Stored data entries
╭──
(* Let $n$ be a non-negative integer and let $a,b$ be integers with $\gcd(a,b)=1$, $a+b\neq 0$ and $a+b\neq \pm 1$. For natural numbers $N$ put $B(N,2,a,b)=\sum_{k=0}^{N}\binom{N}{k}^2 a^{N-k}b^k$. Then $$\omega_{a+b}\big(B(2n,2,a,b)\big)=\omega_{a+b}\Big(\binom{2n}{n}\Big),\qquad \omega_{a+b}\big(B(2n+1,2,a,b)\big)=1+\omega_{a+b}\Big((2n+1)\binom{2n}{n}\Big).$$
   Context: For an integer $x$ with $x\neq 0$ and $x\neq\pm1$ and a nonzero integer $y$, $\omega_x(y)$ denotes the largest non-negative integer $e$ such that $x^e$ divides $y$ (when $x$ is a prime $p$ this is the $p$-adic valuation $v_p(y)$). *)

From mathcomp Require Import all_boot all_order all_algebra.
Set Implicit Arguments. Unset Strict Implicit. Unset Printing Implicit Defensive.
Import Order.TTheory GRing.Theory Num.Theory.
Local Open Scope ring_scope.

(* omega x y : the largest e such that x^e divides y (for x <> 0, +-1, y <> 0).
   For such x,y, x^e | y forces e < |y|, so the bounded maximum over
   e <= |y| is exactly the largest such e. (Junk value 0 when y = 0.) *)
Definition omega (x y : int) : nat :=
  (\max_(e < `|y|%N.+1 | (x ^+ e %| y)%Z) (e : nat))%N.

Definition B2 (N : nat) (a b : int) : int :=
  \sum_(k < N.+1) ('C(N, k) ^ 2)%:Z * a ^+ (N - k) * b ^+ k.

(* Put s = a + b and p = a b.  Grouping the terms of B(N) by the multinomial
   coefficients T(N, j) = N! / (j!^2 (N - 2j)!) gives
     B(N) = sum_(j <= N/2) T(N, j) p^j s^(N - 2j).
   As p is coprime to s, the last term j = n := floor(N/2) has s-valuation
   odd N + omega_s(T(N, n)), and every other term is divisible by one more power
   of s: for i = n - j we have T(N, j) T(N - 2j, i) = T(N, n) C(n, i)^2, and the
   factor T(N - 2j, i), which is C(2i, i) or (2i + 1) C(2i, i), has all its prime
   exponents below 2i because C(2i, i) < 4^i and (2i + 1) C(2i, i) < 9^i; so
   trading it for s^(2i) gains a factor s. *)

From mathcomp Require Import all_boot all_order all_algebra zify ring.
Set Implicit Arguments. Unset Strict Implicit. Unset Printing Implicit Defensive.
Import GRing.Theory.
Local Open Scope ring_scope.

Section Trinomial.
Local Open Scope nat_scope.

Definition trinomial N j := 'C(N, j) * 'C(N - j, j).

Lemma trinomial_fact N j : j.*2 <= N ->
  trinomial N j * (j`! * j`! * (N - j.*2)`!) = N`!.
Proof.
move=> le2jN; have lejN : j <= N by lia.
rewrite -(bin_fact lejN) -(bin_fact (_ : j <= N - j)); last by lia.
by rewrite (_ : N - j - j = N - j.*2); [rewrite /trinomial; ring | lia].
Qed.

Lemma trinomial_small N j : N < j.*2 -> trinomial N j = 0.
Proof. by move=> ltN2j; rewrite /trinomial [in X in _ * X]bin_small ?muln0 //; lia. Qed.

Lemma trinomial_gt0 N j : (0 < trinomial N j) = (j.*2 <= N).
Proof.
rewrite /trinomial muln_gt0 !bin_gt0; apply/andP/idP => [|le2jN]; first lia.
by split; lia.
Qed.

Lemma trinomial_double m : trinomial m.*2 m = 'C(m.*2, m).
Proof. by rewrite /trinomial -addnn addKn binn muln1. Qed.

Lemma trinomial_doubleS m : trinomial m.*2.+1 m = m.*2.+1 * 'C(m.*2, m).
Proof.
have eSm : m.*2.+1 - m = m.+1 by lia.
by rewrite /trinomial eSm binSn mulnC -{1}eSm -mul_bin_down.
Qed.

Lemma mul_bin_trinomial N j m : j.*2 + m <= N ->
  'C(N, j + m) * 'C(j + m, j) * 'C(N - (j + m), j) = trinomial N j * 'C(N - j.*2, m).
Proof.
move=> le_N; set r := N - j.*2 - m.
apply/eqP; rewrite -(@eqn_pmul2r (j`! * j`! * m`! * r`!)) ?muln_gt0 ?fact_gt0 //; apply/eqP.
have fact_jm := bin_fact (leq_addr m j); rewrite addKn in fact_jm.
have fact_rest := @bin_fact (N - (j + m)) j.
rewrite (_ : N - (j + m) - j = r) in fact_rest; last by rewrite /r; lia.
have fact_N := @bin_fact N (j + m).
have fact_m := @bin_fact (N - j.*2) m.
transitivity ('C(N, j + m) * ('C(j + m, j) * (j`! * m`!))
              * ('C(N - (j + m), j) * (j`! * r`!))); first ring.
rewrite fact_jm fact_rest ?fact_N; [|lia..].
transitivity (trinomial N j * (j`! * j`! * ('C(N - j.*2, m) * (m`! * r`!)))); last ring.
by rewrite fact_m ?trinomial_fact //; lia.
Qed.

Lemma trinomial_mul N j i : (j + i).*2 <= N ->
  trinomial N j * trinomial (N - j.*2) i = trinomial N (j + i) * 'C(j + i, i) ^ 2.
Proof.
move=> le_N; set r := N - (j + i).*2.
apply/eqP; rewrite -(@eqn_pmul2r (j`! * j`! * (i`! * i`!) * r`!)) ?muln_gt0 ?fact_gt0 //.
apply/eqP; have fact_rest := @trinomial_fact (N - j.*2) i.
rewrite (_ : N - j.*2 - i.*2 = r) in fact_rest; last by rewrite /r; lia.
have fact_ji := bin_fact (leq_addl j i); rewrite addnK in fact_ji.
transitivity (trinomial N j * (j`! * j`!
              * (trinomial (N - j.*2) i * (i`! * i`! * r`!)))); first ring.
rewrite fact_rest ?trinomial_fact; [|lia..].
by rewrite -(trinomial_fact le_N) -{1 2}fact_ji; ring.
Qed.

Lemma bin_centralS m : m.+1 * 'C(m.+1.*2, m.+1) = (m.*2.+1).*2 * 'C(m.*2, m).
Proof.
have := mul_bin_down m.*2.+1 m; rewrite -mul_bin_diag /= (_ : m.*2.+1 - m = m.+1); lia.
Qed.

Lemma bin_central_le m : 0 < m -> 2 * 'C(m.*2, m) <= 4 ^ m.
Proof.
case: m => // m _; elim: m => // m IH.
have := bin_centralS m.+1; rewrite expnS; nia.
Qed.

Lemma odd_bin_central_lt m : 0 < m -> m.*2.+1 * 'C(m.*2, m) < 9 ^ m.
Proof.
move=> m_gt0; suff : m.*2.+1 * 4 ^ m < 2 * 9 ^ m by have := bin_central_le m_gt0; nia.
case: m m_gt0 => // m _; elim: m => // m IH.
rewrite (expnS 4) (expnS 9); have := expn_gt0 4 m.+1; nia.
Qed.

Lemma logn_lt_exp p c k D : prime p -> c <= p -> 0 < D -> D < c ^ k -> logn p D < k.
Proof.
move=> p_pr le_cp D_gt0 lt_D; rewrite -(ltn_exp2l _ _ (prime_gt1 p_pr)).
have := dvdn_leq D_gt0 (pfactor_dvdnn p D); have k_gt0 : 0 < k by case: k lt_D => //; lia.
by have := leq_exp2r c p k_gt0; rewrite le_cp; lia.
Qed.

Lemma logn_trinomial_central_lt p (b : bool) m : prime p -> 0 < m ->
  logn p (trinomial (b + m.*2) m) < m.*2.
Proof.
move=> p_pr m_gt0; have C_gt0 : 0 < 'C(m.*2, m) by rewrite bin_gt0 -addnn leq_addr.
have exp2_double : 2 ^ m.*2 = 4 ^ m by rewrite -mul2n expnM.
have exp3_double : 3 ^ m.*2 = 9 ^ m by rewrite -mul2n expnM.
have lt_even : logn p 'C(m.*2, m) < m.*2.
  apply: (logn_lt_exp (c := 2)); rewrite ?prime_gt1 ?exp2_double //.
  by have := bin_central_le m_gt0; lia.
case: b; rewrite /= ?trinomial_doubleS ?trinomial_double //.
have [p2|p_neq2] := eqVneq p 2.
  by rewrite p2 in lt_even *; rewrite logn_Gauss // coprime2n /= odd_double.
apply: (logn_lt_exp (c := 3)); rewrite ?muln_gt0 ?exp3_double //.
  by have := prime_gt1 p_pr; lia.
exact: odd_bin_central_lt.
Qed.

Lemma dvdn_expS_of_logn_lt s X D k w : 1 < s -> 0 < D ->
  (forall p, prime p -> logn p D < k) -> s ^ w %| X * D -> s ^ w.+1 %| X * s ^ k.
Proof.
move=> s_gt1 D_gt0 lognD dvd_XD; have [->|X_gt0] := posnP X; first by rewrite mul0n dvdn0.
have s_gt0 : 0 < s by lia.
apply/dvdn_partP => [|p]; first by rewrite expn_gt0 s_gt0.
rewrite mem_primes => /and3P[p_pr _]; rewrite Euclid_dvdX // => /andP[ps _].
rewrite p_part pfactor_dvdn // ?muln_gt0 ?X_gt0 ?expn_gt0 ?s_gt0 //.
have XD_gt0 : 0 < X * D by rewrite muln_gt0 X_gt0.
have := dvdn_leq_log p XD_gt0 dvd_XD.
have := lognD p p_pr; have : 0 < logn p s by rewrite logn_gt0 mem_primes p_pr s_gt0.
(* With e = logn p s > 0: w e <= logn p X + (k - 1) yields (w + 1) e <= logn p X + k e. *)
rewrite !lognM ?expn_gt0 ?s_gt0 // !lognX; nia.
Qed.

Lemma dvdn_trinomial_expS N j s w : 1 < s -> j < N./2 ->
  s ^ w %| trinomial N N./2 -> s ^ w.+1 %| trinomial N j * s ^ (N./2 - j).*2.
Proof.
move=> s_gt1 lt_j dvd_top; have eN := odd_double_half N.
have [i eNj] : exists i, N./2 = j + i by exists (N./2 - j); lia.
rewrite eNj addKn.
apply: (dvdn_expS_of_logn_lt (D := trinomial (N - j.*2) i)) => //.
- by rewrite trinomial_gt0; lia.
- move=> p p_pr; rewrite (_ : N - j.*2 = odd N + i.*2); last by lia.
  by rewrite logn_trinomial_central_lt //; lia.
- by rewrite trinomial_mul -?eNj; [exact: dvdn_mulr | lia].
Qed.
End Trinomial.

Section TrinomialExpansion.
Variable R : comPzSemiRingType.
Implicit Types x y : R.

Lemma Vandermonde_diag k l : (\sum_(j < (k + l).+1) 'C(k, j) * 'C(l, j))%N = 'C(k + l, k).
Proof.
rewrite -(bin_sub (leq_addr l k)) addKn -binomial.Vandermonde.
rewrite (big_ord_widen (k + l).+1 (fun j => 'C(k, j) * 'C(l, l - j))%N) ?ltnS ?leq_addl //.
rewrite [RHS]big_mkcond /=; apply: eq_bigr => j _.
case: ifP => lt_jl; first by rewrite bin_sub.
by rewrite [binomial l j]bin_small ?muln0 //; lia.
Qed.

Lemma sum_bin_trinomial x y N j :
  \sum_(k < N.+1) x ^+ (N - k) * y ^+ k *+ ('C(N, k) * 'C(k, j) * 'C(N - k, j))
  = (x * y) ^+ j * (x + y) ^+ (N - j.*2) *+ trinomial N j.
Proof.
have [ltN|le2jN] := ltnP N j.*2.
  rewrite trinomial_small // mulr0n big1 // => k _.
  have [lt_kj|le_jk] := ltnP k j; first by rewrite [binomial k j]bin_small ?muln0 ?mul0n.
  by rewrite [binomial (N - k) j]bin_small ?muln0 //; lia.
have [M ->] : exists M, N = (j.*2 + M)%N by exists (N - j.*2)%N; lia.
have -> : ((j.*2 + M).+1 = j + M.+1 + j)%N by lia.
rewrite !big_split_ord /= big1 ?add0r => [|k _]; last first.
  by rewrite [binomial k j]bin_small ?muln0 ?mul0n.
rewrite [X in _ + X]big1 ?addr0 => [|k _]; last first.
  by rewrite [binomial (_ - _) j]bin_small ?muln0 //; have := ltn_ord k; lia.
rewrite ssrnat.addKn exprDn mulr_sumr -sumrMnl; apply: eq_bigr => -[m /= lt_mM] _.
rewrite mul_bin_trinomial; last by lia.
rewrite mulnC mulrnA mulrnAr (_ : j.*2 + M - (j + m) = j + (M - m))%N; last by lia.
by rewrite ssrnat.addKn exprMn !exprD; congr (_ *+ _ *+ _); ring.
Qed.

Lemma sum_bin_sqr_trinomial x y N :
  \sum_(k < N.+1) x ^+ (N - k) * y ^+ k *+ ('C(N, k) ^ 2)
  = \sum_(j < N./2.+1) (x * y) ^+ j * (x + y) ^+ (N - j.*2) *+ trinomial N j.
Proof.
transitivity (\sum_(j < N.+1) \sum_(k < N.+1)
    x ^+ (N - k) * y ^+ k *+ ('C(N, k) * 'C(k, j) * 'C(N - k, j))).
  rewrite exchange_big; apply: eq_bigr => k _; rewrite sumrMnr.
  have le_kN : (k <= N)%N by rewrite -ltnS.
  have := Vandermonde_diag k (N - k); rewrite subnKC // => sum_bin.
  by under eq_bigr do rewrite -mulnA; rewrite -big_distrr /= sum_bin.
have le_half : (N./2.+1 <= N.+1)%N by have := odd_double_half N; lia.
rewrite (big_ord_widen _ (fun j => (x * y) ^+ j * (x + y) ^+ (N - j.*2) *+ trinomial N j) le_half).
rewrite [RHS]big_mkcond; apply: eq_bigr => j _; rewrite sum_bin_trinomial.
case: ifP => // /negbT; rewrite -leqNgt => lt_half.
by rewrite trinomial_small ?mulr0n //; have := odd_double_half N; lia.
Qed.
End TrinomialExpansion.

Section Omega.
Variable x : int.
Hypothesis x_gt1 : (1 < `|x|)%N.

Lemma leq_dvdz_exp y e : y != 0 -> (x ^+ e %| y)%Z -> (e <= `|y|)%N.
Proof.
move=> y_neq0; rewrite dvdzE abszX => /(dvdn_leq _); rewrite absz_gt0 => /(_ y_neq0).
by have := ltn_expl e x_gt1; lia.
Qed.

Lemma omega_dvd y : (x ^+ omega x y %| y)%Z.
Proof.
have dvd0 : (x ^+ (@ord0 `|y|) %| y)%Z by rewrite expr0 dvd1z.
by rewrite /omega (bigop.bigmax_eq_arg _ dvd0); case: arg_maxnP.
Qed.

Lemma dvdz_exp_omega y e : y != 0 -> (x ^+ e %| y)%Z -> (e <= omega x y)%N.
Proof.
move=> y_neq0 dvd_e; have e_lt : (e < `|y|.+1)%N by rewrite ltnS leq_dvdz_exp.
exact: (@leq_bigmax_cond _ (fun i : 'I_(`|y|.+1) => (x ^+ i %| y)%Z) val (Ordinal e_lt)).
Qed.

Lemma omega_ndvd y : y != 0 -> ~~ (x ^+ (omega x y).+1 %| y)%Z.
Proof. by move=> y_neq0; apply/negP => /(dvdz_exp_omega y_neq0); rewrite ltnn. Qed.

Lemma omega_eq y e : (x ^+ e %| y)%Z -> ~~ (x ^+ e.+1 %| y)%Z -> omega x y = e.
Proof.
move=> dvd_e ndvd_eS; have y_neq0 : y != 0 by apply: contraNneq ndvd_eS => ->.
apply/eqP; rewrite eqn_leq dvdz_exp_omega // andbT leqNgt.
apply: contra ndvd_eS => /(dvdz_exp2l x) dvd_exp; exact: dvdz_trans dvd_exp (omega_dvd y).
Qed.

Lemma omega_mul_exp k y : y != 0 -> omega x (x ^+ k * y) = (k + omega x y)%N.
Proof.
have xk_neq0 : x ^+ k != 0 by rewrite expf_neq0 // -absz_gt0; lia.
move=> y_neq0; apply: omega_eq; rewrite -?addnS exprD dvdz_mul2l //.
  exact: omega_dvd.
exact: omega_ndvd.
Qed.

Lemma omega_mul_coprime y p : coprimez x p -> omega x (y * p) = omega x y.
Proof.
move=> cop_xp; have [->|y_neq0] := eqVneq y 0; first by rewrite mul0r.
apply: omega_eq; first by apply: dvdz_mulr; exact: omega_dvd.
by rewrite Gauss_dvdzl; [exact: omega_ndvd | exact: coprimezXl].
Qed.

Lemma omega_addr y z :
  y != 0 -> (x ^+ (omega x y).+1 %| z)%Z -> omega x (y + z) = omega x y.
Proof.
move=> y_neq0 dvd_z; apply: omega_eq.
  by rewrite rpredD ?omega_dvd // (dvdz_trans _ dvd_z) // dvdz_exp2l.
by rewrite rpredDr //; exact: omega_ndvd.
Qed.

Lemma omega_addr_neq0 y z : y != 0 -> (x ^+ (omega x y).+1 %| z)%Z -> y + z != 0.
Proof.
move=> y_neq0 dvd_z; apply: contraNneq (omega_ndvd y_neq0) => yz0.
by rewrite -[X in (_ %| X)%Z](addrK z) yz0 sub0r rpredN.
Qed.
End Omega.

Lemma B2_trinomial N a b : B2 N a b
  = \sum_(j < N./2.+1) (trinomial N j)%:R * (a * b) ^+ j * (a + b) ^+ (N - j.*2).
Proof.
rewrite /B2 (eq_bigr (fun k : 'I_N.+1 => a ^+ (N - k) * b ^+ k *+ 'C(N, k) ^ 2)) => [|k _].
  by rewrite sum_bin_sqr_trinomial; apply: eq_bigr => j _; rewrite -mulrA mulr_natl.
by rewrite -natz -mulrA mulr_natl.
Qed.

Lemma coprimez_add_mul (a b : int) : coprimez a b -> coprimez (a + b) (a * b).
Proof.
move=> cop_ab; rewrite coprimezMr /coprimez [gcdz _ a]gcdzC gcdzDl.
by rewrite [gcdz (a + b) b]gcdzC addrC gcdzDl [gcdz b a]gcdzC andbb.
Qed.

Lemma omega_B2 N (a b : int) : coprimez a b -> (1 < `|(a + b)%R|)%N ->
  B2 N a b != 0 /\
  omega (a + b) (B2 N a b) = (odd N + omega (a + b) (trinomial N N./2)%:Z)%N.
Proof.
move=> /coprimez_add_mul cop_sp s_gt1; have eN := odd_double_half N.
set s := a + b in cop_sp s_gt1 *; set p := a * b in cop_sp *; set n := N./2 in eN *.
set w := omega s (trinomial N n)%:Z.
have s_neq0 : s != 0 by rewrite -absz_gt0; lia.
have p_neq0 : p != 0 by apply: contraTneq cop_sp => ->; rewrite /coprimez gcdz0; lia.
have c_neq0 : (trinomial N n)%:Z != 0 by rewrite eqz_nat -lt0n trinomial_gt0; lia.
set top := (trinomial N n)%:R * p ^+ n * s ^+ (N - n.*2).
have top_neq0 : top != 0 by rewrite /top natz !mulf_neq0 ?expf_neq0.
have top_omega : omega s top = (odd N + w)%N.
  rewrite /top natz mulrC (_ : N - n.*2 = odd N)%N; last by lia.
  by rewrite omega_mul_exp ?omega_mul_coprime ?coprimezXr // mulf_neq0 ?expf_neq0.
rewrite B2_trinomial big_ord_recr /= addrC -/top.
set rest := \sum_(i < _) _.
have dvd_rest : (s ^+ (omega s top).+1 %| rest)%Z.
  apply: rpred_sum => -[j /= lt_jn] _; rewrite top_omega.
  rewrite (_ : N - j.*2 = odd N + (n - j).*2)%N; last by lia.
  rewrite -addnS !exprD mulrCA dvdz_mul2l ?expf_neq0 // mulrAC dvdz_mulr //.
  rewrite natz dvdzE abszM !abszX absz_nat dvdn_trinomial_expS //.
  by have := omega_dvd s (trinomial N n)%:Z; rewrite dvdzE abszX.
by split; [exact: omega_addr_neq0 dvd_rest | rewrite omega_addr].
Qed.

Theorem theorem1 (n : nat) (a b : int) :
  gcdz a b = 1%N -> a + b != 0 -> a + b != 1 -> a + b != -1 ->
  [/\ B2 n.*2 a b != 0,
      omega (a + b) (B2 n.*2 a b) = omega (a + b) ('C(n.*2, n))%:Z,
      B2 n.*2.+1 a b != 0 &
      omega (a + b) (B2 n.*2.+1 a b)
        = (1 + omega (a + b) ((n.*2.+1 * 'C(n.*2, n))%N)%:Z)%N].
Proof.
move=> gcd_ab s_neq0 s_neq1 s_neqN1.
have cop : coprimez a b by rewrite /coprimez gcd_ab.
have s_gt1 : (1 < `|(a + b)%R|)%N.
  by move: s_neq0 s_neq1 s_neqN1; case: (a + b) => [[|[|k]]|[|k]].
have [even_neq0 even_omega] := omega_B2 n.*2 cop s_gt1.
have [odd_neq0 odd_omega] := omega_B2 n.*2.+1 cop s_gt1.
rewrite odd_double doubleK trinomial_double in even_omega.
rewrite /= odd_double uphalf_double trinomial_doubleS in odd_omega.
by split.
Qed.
╰──
What is expected:
Look back at the data above. Transcribe exactly the lines starting at the line that contains "have c_neq0 : (trinomial" and ending at the line that contains "have s_gt1 : (1".

Task solution:
have c_neq0 : (trinomial N n)%:Z != 0 by rewrite eqz_nat -lt0n trinomial_gt0; lia.
set top := (trinomial N n)%:R * p ^+ n * s ^+ (N - n.*2).
have top_neq0 : top != 0 by rewrite /top natz !mulf_neq0 ?expf_neq0.
have top_omega : omega s top = (odd N + w)%N.
  rewrite /top natz mulrC (_ : N - n.*2 = odd N)%N; last by lia.
  by rewrite omega_mul_exp ?omega_mul_coprime ?coprimezXr // mulf_neq0 ?expf_neq0.
rewrite B2_trinomial big_ord_recr /= addrC -/top.
set rest := \sum_(i < _) _.
have dvd_rest : (s ^+ (omega s top).+1 %| rest)%Z.
  apply: rpred_sum => -[j /= lt_jn] _; rewrite top_omega.
  rewrite (_ : N - j.*2 = odd N + (n - j).*2)%N; last by lia.
  rewrite -addnS !exprD mulrCA dvdz_mul2l ?expf_neq0 // mulrAC dvdz_mulr //.
  rewrite natz dvdzE abszM !abszX absz_nat dvdn_trinomial_expS //.
  by have := omega_dvd s (trinomial N n)%:Z; rewrite dvdzE abszX.
by split; [exact: omega_addr_neq0 dvd_rest | rewrite omega_addr].
Qed.

Theorem theorem1 (n : nat) (a b : int) :
  gcdz a b = 1%N -> a + b != 0 -> a + b != 1 -> a + b != -1 ->
  [/\ B2 n.*2 a b != 0,
      omega (a + b) (B2 n.*2 a b) = omega (a + b) ('C(n.*2, n))%:Z,
      B2 n.*2.+1 a b != 0 &
      omega (a + b) (B2 n.*2.+1 a b)
        = (1 + omega (a + b) ((n.*2.+1 * 'C(n.*2, n))%N)%:Z)%N].
Proof.
move=> gcd_ab s_neq0 s_neq1 s_neqN1.
have cop : coprimez a b by rewrite /coprimez gcd_ab.
have s_gt1 : (1 < `|(a + b)%R|)%N.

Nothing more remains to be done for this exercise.